Stored items:
:::::
Lemma last_start_spans t a : 1 < nleaves t ->
  [/\ (last_start t a, a + nleaves t) \in spans t a,
      (last_start t a, (a + nleaves t).-1) \in spans t a
    & (last_start t a).+1 < a + nleaves t].
Proof.
elim: t a => // l _ r IHr a; change (nleaves (Node l r)) with (nleaves l + nleaves r).
have := nleaves_gt0 l => l_gt0; have [r_gt1 _ | /nleaves_le1 -> _] := ltnP 1 (nleaves r).
  have [s_e s_e1 s_lt] := IHr (a + nleaves l) r_gt1.
  by rewrite last_start_Node // !mem_spans_Node addnA s_e s_e1 !orbT; split=> //; lia.
change (last_start (Node l Leaf) a) with a; change (nleaves Leaf) with 1.
rewrite !mem_spans_Node addnA addn1 succnK root_in_spans eqxx orbT.
by split=> //; lia.
Qed.

Lemma spans_append_last t a x y : 1 < nleaves t -> (x, y) \in spans (append_last t) a ->
  [\/ (x, y) \in spans t a /\ y < a + nleaves t,
      [/\ y = (a + nleaves t).+1, (x, a + nleaves t) \in spans t a & x.+1 < a + nleaves t],
      x = last_start t a /\ y = a + nleaves t
    | y = x.+1].
Proof.
elim: t a => // l _ r IHr a; change (nleaves (Node l r)) with (nleaves l + nleaves r).
have := nleaves_gt0 l => l_gt0; have [r_gt1 _ | /nleaves_le1 -> _] := ltnP 1 (nleaves r).
  rewrite append_last_Node // last_start_Node // mem_spans_Node nleaves_append_last //.
  case/or3P => [/eqP [-> ->] | xy |
                /(IHr _ r_gt1) [[xy y_lt] | [-> xy x_lt] | [-> ->] | ->] //].
  - by apply: Or42; split; [lia | rewrite mem_spans_Node addnA eqxx | lia].
  - apply: Or41; rewrite mem_spans_Node xy orbT; split=> //.
    by have [_ _ ?] := spans_bound xy; lia.
  - by apply: Or41; rewrite mem_spans_Node xy !orbT; split=> //; lia.
  - by apply: Or42; rewrite mem_spans_Node addnA xy !orbT; split=> //; lia.
  - by apply: Or43; rewrite addnA.
  - exact: Or44.
change (append_last (Node l Leaf)) with (Node (Node l Leaf) Leaf).
change (last_start (Node l Leaf) a) with a; change (nleaves Leaf) with 1.
rewrite mem_spans_Node => /or3P [/eqP [-> ->] | xy | ].
- by apply: Or42; split; [lia | rewrite mem_spans_Node addnA eqxx | lia].
- have [y_lt | y_ge] := ltnP y (a + (nleaves l + 1)); first exact: Or41.
  rewrite mem_spans_Node mem_spans_Leaf in xy.
  case/or3P: xy => [/eqP [-> ->] | /spans_bound [] | /eqP [-> ->]]; try lia.
  + by apply: Or43; rewrite addnA.
  + exact: Or44.
- by rewrite mem_spans_Leaf => /eqP [-> ->]; apply: Or44.
Qed.

Lemma spans_rightcomb k a x y :
  0 < k -> (x, y) \in spans (rightcomb k) a -> y = a + k \/ y = x.+1.
Proof.
elim: k a => [|[|k] IHk] a // _; first by rewrite mem_spans_Leaf => /eqP [-> ->]; right.
change (rightcomb k.+2) with (Node Leaf (rightcomb k.+1)).
rewrite mem_spans_Node nleaves_rightcomb // mem_spans_Leaf.
case/or3P => [/eqP [_ ->] | /eqP [-> ->] | /IHk [] // ->];
  [left | right | left | right] => //=; lia.
Qed.

Lemma nleaves_fan k : 0 < k -> nleaves (fan k) = k.+1.
Proof. by move=> k_gt0; rewrite /= nleaves_rightcomb // addn1. Qed.

Lemma pdiag_fan k x y : 0 < k -> pdiag (fan k) (x, y) -> y = k.+1.
Proof.
move=> k_gt0; rewrite pdiagE nleaves_fan // mem_spans_Node nleaves_rightcomb // mem_spans_Leaf.
case/and3P => /or3P [/eqP [-> ->] | /spans_rightcomb [] // -> | /eqP [-> ->]] /=; lia.
Qed.

Lemma pdiag_disjoint_append_last t t' : 2 < nleaves t -> nleaves t = nleaves t' ->
  pdiag_disjoint t t' -> pdiag_disjoint (append_last t) (append_last t').
Proof.
move=> t_gt2 tt' disj [x y]; have no_common := pdiag_disjoint_common disj.
have t_gt1 : 1 < nleaves t by lia.
have t'_gt1 : 1 < nleaves t' by lia.
rewrite !pdiagE !nleaves_append_last // -tt'.
case/and3P => xy_t x_lt root_t; apply/negP => /and3P [xy_t' _ _].
case: (spans_append_last t_gt1 xy_t) => [[xy_t0 y_lt] | [yE xe_t x_lt'] | [xE yE] | ?];
  case: (spans_append_last t'_gt1 xy_t') => [[xy_t0' ?] | [? xe_t' ?] | [xE' ?] | ?];
  try lia.
- by apply: (no_common (x, y)); rewrite !pdiagE -?tt' ?xy_t0 ?xy_t0'; lia.
- rewrite -tt' in xe_t'.
  by apply: (no_common (x, 1 + nleaves t)); rewrite !pdiagE -?tt' ?xe_t ?xe_t'; lia.
have [s1 s2 s3] := last_start_spans 1 t_gt1; have [s1' s2' _] := last_start_spans 1 t'_gt1.
rewrite -xE in s1 s2 s3; rewrite -xE' -tt' in s1' s2'.
have [x1 | x_ne1] := eqVneq x 1.
  rewrite x1 in s2 s2'.
  by apply: (no_common (1, (1 + nleaves t).-1)); rewrite !pdiagE -?tt' ?s2 ?s2'; lia.
by apply: (no_common (x, 1 + nleaves t)); rewrite !pdiagE -?tt' ?s1 ?s1'; lia.
Qed.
:::::
TASK OBJECTIVE: Write the data out once more. Keep every word the same.

TASK ANSWER:
Lemma last_start_spans t a : 1 < nleaves t ->
  [/\ (last_start t a, a + nleaves t) \in spans t a,
      (last_start t a, (a + nleaves t).-1) \in spans t a
    & (last_start t a).+1 < a + nleaves t].
Proof.
elim: t a => // l _ r IHr a; change (nleaves (Node l r)) with (nleaves l + nleaves r).
have := nleaves_gt0 l => l_gt0; have [r_gt1 _ | /nleaves_le1 -> _] := ltnP 1 (nleaves r).
  have [s_e s_e1 s_lt] := IHr (a + nleaves l) r_gt1.
  by rewrite last_start_Node // !mem_spans_Node addnA s_e s_e1 !orbT; split=> //; lia.
change (last_start (Node l Leaf) a) with a; change (nleaves Leaf) with 1.
rewrite !mem_spans_Node addnA addn1 succnK root_in_spans eqxx orbT.
by split=> //; lia.
Qed.

Lemma spans_append_last t a x y : 1 < nleaves t -> (x, y) \in spans (append_last t) a ->
  [\/ (x, y) \in spans t a /\ y < a + nleaves t,
      [/\ y = (a + nleaves t).+1, (x, a + nleaves t) \in spans t a & x.+1 < a + nleaves t],
      x = last_start t a /\ y = a + nleaves t
    | y = x.+1].
Proof.
elim: t a => // l _ r IHr a; change (nleaves (Node l r)) with (nleaves l + nleaves r).
have := nleaves_gt0 l => l_gt0; have [r_gt1 _ | /nleaves_le1 -> _] := ltnP 1 (nleaves r).
  rewrite append_last_Node // last_start_Node // mem_spans_Node nleaves_append_last //.
  case/or3P => [/eqP [-> ->] | xy |
                /(IHr _ r_gt1) [[xy y_lt] | [-> xy x_lt] | [-> ->] | ->] //].
  - by apply: Or42; split; [lia | rewrite mem_spans_Node addnA eqxx | lia].
  - apply: Or41; rewrite mem_spans_Node xy orbT; split=> //.
    by have [_ _ ?] := spans_bound xy; lia.
  - by apply: Or41; rewrite mem_spans_Node xy !orbT; split=> //; lia.
  - by apply: Or42; rewrite mem_spans_Node addnA xy !orbT; split=> //; lia.
  - by apply: Or43; rewrite addnA.
  - exact: Or44.
change (append_last (Node l Leaf)) with (Node (Node l Leaf) Leaf).
change (last_start (Node l Leaf) a) with a; change (nleaves Leaf) with 1.
rewrite mem_spans_Node => /or3P [/eqP [-> ->] | xy | ].
- by apply: Or42; split; [lia | rewrite mem_spans_Node addnA eqxx | lia].
- have [y_lt | y_ge] := ltnP y (a + (nleaves l + 1)); first exact: Or41.
  rewrite mem_spans_Node mem_spans_Leaf in xy.
  case/or3P: xy => [/eqP [-> ->] | /spans_bound [] | /eqP [-> ->]]; try lia.
  + by apply: Or43; rewrite addnA.
  + exact: Or44.
- by rewrite mem_spans_Leaf => /eqP [-> ->]; apply: Or44.
Qed.

Lemma spans_rightcomb k a x y :
  0 < k -> (x, y) \in spans (rightcomb k) a -> y = a + k \/ y = x.+1.
Proof.
elim: k a => [|[|k] IHk] a // _; first by rewrite mem_spans_Leaf => /eqP [-> ->]; right.
change (rightcomb k.+2) with (Node Leaf (rightcomb k.+1)).
rewrite mem_spans_Node nleaves_rightcomb // mem_spans_Leaf.
case/or3P => [/eqP [_ ->] | /eqP [-> ->] | /IHk [] // ->];
  [left | right | left | right] => //=; lia.
Qed.

Lemma nleaves_fan k : 0 < k -> nleaves (fan k) = k.+1.
Proof. by move=> k_gt0; rewrite /= nleaves_rightcomb // addn1. Qed.

Lemma pdiag_fan k x y : 0 < k -> pdiag (fan k) (x, y) -> y = k.+1.
Proof.
move=> k_gt0; rewrite pdiagE nleaves_fan // mem_spans_Node nleaves_rightcomb // mem_spans_Leaf.
case/and3P => /or3P [/eqP [-> ->] | /spans_rightcomb [] // -> | /eqP [-> ->]] /=; lia.
Qed.

Lemma pdiag_disjoint_append_last t t' : 2 < nleaves t -> nleaves t = nleaves t' ->
  pdiag_disjoint t t' -> pdiag_disjoint (append_last t) (append_last t').
Proof.
move=> t_gt2 tt' disj [x y]; have no_common := pdiag_disjoint_common disj.
have t_gt1 : 1 < nleaves t by lia.
have t'_gt1 : 1 < nleaves t' by lia.
rewrite !pdiagE !nleaves_append_last // -tt'.
case/and3P => xy_t x_lt root_t; apply/negP => /and3P [xy_t' _ _].
case: (spans_append_last t_gt1 xy_t) => [[xy_t0 y_lt] | [yE xe_t x_lt'] | [xE yE] | ?];
  case: (spans_append_last t'_gt1 xy_t') => [[xy_t0' ?] | [? xe_t' ?] | [xE' ?] | ?];
  try lia.
- by apply: (no_common (x, y)); rewrite !pdiagE -?tt' ?xy_t0 ?xy_t0'; lia.
- rewrite -tt' in xe_t'.
  by apply: (no_common (x, 1 + nleaves t)); rewrite !pdiagE -?tt' ?xe_t ?xe_t'; lia.
have [s1 s2 s3] := last_start_spans 1 t_gt1; have [s1' s2' _] := last_start_spans 1 t'_gt1.
rewrite -xE in s1 s2 s3; rewrite -xE' -tt' in s1' s2'.
have [x1 | x_ne1] := eqVneq x 1.
  rewrite x1 in s2 s2'.
  by apply: (no_common (1, (1 + nleaves t).-1)); rewrite !pdiagE -?tt' ?s2 ?s2'; lia.
by apply: (no_common (x, 1 + nleaves t)); rewrite !pdiagE -?tt' ?s1 ?s1'; lia.
Qed.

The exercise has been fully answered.